§ **Problem description**
Would you please copy the part of the material below that opens with the line containing "elim/mpolyind: p =>" and closes with the line containing "move=> /whomogP homB; apply/whomogP => a."? Copy it exactly, and only it.
****************************************
Lemma hilb_fun_indep_rows J t h M (f : {linear 'rV[k]_M -> {mpoly k[N]}}) :
  hilb_fun w J t h -> (forall v, whomog w t (f v)) ->
  forall (p : nat) (C : 'M_(p, M)), indep_rows_mod (fun v => J (f v)) C -> (p <= h)%N.
Proof.
move=> [_ le_h] homf p C indC.
have [s [sz hom_s s_row]] : exists s, [/\ size s = p, all (whomog w t) s &
    forall i : 'I_p, s`_i = f (row i C)].
  exists [seq f (row i C) | i <- enum 'I_p]; split; first by rewrite size_map size_enum_ord.
    by apply/allP => _ /mapP [i _ ->].
  by move=> i; rewrite (nth_map i) ?size_enum_ord // nth_ord_enum.
subst p; apply: le_h; split=> // c Jc i.
suff /rowP/(_ i) : \row_j c j = 0 by rewrite !mxE.
apply: indC; rewrite mulmx_sum_row linear_sum; move: Jc; congr J.
by apply: eq_bigr => j _; rewrite linearZ mxE s_row.
Qed.

End WeightedHomogeneity.

Lemma widen_lift_max n (i : 'I_n) : widen_ord (leqnSn n) i = lift ord_max i.
Proof. by apply: val_inj; rewrite /= /bump leqNgt ltn_ord. Qed.

Section Cone.
Variables (k : fieldType) (n : nat) (w : 'I_n.+1 -> nat) (m : nat).
Local Notation S := {mpoly k[n.+1]}.
Local Notation S' := {mpoly k[n.+2]}.
Local Notation w' := (wext w m).
Local Notation y := ('X_ord_max : S').
Local Notation U := (U_(ord_max) : 'X_{1..n.+2})%MM.
Implicit Types (B : S) (A p : S') (a b : 'X_{1..n.+2}) (c : 'X_{1..n.+1}).

Lemma wext_widen i : w' (widen_ord (leqnSn _) i) = w i.
Proof. by rewrite /wext widen_lift_max liftK. Qed.

Lemma wext_max : w' ord_max = m.
Proof. by rewrite /wext unlift_none. Qed.

Lemma wdeg_mnmwiden c : wdeg w' (mnmwiden c) = wdeg w c.
Proof.
rewrite /wdeg big_ord_recr /= mnmwiden_ordmax muln0 addn0.
by apply: eq_bigr => i _; rewrite wext_widen mnmwiden_widen.
Qed.

Lemma wdeg_U : wdeg w' U = m.
Proof.
rewrite /wdeg big_ord_recr /= mnm1E eqxx muln1 wext_max big1 // => i _.
by rewrite mnm1E -val_eqE /= gtn_eqF ?muln0.
Qed.

Lemma mnm_max0_widen a : a ord_max = 0%N -> exists c, a = mnmwiden c.
Proof.
move=> a0; exists [multinom a (widen_ord (leqnSn _) i) | i < n.+1].
apply/mnmP => i; have [j -> | ->] := unliftP ord_max i; last by rewrite mnmwiden_ordmax.
by rewrite -widen_lift_max mnmwiden_widen mnmE.
Qed.

Lemma mnm_max_gt0E a : (0 < a ord_max)%N -> a = (U + (a - U))%MM.
Proof.
move=> a_gt0; apply/mnmP => i; rewrite mnmDE mnmBE mnm1E.
by case: eqP => [<- | _]; rewrite ?subn0 // add1n subn1 prednK.
Qed.

Lemma mcoeff_mwiden_max B a : a ord_max != 0%N -> (mwiden B)@_a = 0.
Proof.
move=> a_max; elim/mpolyind: B => [|x c B _ _ IH]; first by rewrite mwiden0 mcoeff0.
rewrite mwidenD mwidenZ mwidenX mcoeffD mcoeffZ mcoeffX IH addr0.
case: eqP => [ca | _]; last by rewrite mulr0.
by rewrite -ca mnmwiden_ordmax in a_max.
Qed.

Lemma mcoeff_mulX_max A a : a ord_max = 0%N -> (A * y)@_a = 0.
Proof.
move=> a_max; elim/mpolyind: A => [|x b A _ _ IH]; first by rewrite mul0r mcoeff0.
rewrite mulrDl -scalerAl mcoeffD mcoeffZ IH addr0 -mpolyXD mcoeffX.
case: eqP => [ba | _]; last by rewrite mulr0.
by rewrite -ba mnmDE mnm1E eqxx addn1 in a_max.
Qed.

Lemma mcoeff_ysplit_widen B A c : (mwiden B + A * y)@_(mnmwiden c) = B@_c.
Proof. by rewrite mcoeffD mwiden_mnmwiden mcoeff_mulX_max ?addr0 ?mnmwiden_ordmax. Qed.

Lemma mcoeff_ysplit_shift B A b : (mwiden B + A * y)@_(U + b) = A@_b.
Proof. by rewrite mcoeffD mcoeffMX mcoeff_mwiden_max ?add0r // mnmDE mnm1E eqxx. Qed.

Lemma ysplit_inj B A B' A' :
  mwiden B + A * y = mwiden B' + A' * y -> B = B' /\ A = A'.
Proof.
move=> e; split; apply/mpolyP => a.
  by rewrite -(mcoeff_ysplit_widen B A) e mcoeff_ysplit_widen.
by rewrite -(mcoeff_ysplit_shift B A) e mcoeff_ysplit_shift.
Qed.

Lemma ysplit_exists p : exists q : S * S', p == mwiden q.1 + q.2 * y.
Proof.
elim/mpolyind: p => [|x a p _ _ [[B A] /eqP ->]].
  by exists (0, 0); rewrite mwiden0 mul0r addr0.
have [a_max | a_max] := posnP (a ord_max).
  have [c ->] := mnm_max0_widen a_max.
  by exists (x *: 'X_[c] + B, A); rewrite /= mwidenD mwidenZ mwidenX addrA.
exists (B, x *: 'X_[a - U] + A); rewrite /= mulrDl -scalerAl -mpolyXD addmC.
by rewrite -mnm_max_gt0E // addrCA.
Qed.

Definition ysplit p : S * S' := xchoose (ysplit_exists p).
Definition ybase p := (ysplit p).1.
Definition ytail p := (ysplit p).2.

Lemma ysplitE p : p = mwiden (ybase p) + ytail p * y.
Proof. exact/eqP/(xchooseP (ysplit_exists p)). Qed.

Lemma ysplitP p B A : p = mwiden B + A * y -> ybase p = B /\ ytail p = A.
Proof. by rewrite {1}[p]ysplitE; apply: ysplit_inj. Qed.

Lemma ysplit_linear (x : k) p q :
  ybase (x *: p + q) = x *: ybase p + ybase q /\
  ytail (x *: p + q) = x *: ytail p + ytail q.
Proof.
apply: ysplitP; rewrite mwidenD mwidenZ mulrDl -scalerAl addrACA -scalerDr.
by rewrite -!ysplitE.
Qed.

Lemma ybase_is_linear : linear ybase.
Proof. by move=> x p q; case: (ysplit_linear x p q). Qed.

Lemma ytail_is_linear : linear ytail.
Proof. by move=> x p q; case: (ysplit_linear x p q). Qed.

HB.instance Definition _ := GRing.isLinear.Build k S' S *:%R ybase ybase_is_linear.
HB.instance Definition _ := GRing.isLinear.Build k S' S' *:%R ytail ytail_is_linear.

Lemma ysplit_mulr_widen A B :
  ybase (A * mwiden B) = ybase A * B /\ ytail (A * mwiden B) = ytail A * mwiden B.
Proof. by apply: ysplitP; rewrite {1}[A]ysplitE mulrDl mwidenM mulrAC. Qed.

Lemma whomog_mwiden t B : whomog w t B -> whomog w' t (mwiden B).
Proof.
move=> /whomogP homB; apply/whomogP => a.
have [a_max | a_max] := eqVneq (a ord_max) 0%N; last by rewrite mcoeff_mwiden_max ?eqxx.
by have [c ->] := mnm_max0_widen a_max; rewrite mwiden_mnmwiden wdeg_mnmwiden => /homB.
Qed.

Lemma whomog_mulX t A : whomog w' t A -> whomog w' (m + t) (A * y).
Proof.
move=> /whomogP homA; apply/whomogP => a.
have [a_max | a_max] := posnP (a ord_max); first by rewrite mcoeff_mulX_max ?eqxx.
by rewrite (mnm_max_gt0E a_max) mcoeffMX wdegD wdeg_U => /homA ->.
Qed.

Lemma whomog_ysplit t p :
  whomog w' t p -> whomog w t (ybase p) /\ whomog w' (t - m) (ytail p).
Proof.
rewrite {1}[p]ysplitE => /whomogP homp; split; apply/whomogP => a.
  by rewrite -(mcoeff_ysplit_widen _ (ytail p)) => /homp; rewrite wdeg_mnmwiden.
by rewrite -(mcoeff_ysplit_shift (ybase p)) => /homp <-; rewrite wdegD wdeg_U addKn.
Qed.

Variable I : S -> Prop.
Local Notation J := (cone_ideal I).

Lemma cone_ideal_is_ideal : is_ideal J.
Proof.
split; first by exists [::]; rewrite big_nil.
  move=> _ _ [s1 [Is1 ->]] [s2 [Is2 ->]]; exists (s1 ++ s2); rewrite big_cat.
  by split=> // x; rewrite mem_cat => /orP [/Is1 | /Is2].
move=> r _ [s [Is ->]]; exists [seq (r * x.1, x.2) | x <- s]; split.
  by move=> _ /mapP [x xs ->]; apply: Is xs.
by rewrite big_map mulr_sumr; apply: eq_bigr => x _; rewrite mulrA.
Qed.

Lemma cone_ideal_mwiden B : I B -> J (mwiden B).
Proof. by exists [:: (1, B)]; rewrite big_seq1 mul1r; split=> // x /[1!inE] /eqP ->. Qed.

Hypothesis idealI : is_ideal I.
****************************************
§ **Task output**
elim/mpolyind: p => [|x a p _ _ [[B A] /eqP ->]].
  by exists (0, 0); rewrite mwiden0 mul0r addr0.
have [a_max | a_max] := posnP (a ord_max).
  have [c ->] := mnm_max0_widen a_max.
  by exists (x *: 'X_[c] + B, A); rewrite /= mwidenD mwidenZ mwidenX addrA.
exists (B, x *: 'X_[a - U] + A); rewrite /= mulrDl -scalerAl -mpolyXD addmC.
by rewrite -mnm_max_gt0E // addrCA.
Qed.

Definition ysplit p : S * S' := xchoose (ysplit_exists p).
Definition ybase p := (ysplit p).1.
Definition ytail p := (ysplit p).2.

Lemma ysplitE p : p = mwiden (ybase p) + ytail p * y.
Proof. exact/eqP/(xchooseP (ysplit_exists p)). Qed.

Lemma ysplitP p B A : p = mwiden B + A * y -> ybase p = B /\ ytail p = A.
Proof. by rewrite {1}[p]ysplitE; apply: ysplit_inj. Qed.

Lemma ysplit_linear (x : k) p q :
  ybase (x *: p + q) = x *: ybase p + ybase q /\
  ytail (x *: p + q) = x *: ytail p + ytail q.
Proof.
apply: ysplitP; rewrite mwidenD mwidenZ mulrDl -scalerAl addrACA -scalerDr.
by rewrite -!ysplitE.
Qed.

Lemma ybase_is_linear : linear ybase.
Proof. by move=> x p q; case: (ysplit_linear x p q). Qed.

Lemma ytail_is_linear : linear ytail.
Proof. by move=> x p q; case: (ysplit_linear x p q). Qed.

HB.instance Definition _ := GRing.isLinear.Build k S' S *:%R ybase ybase_is_linear.
HB.instance Definition _ := GRing.isLinear.Build k S' S' *:%R ytail ytail_is_linear.

Lemma ysplit_mulr_widen A B :
  ybase (A * mwiden B) = ybase A * B /\ ytail (A * mwiden B) = ytail A * mwiden B.
Proof. by apply: ysplitP; rewrite {1}[A]ysplitE mulrDl mwidenM mulrAC. Qed.

Lemma whomog_mwiden t B : whomog w t B -> whomog w' t (mwiden B).
Proof.
move=> /whomogP homB; apply/whomogP => a.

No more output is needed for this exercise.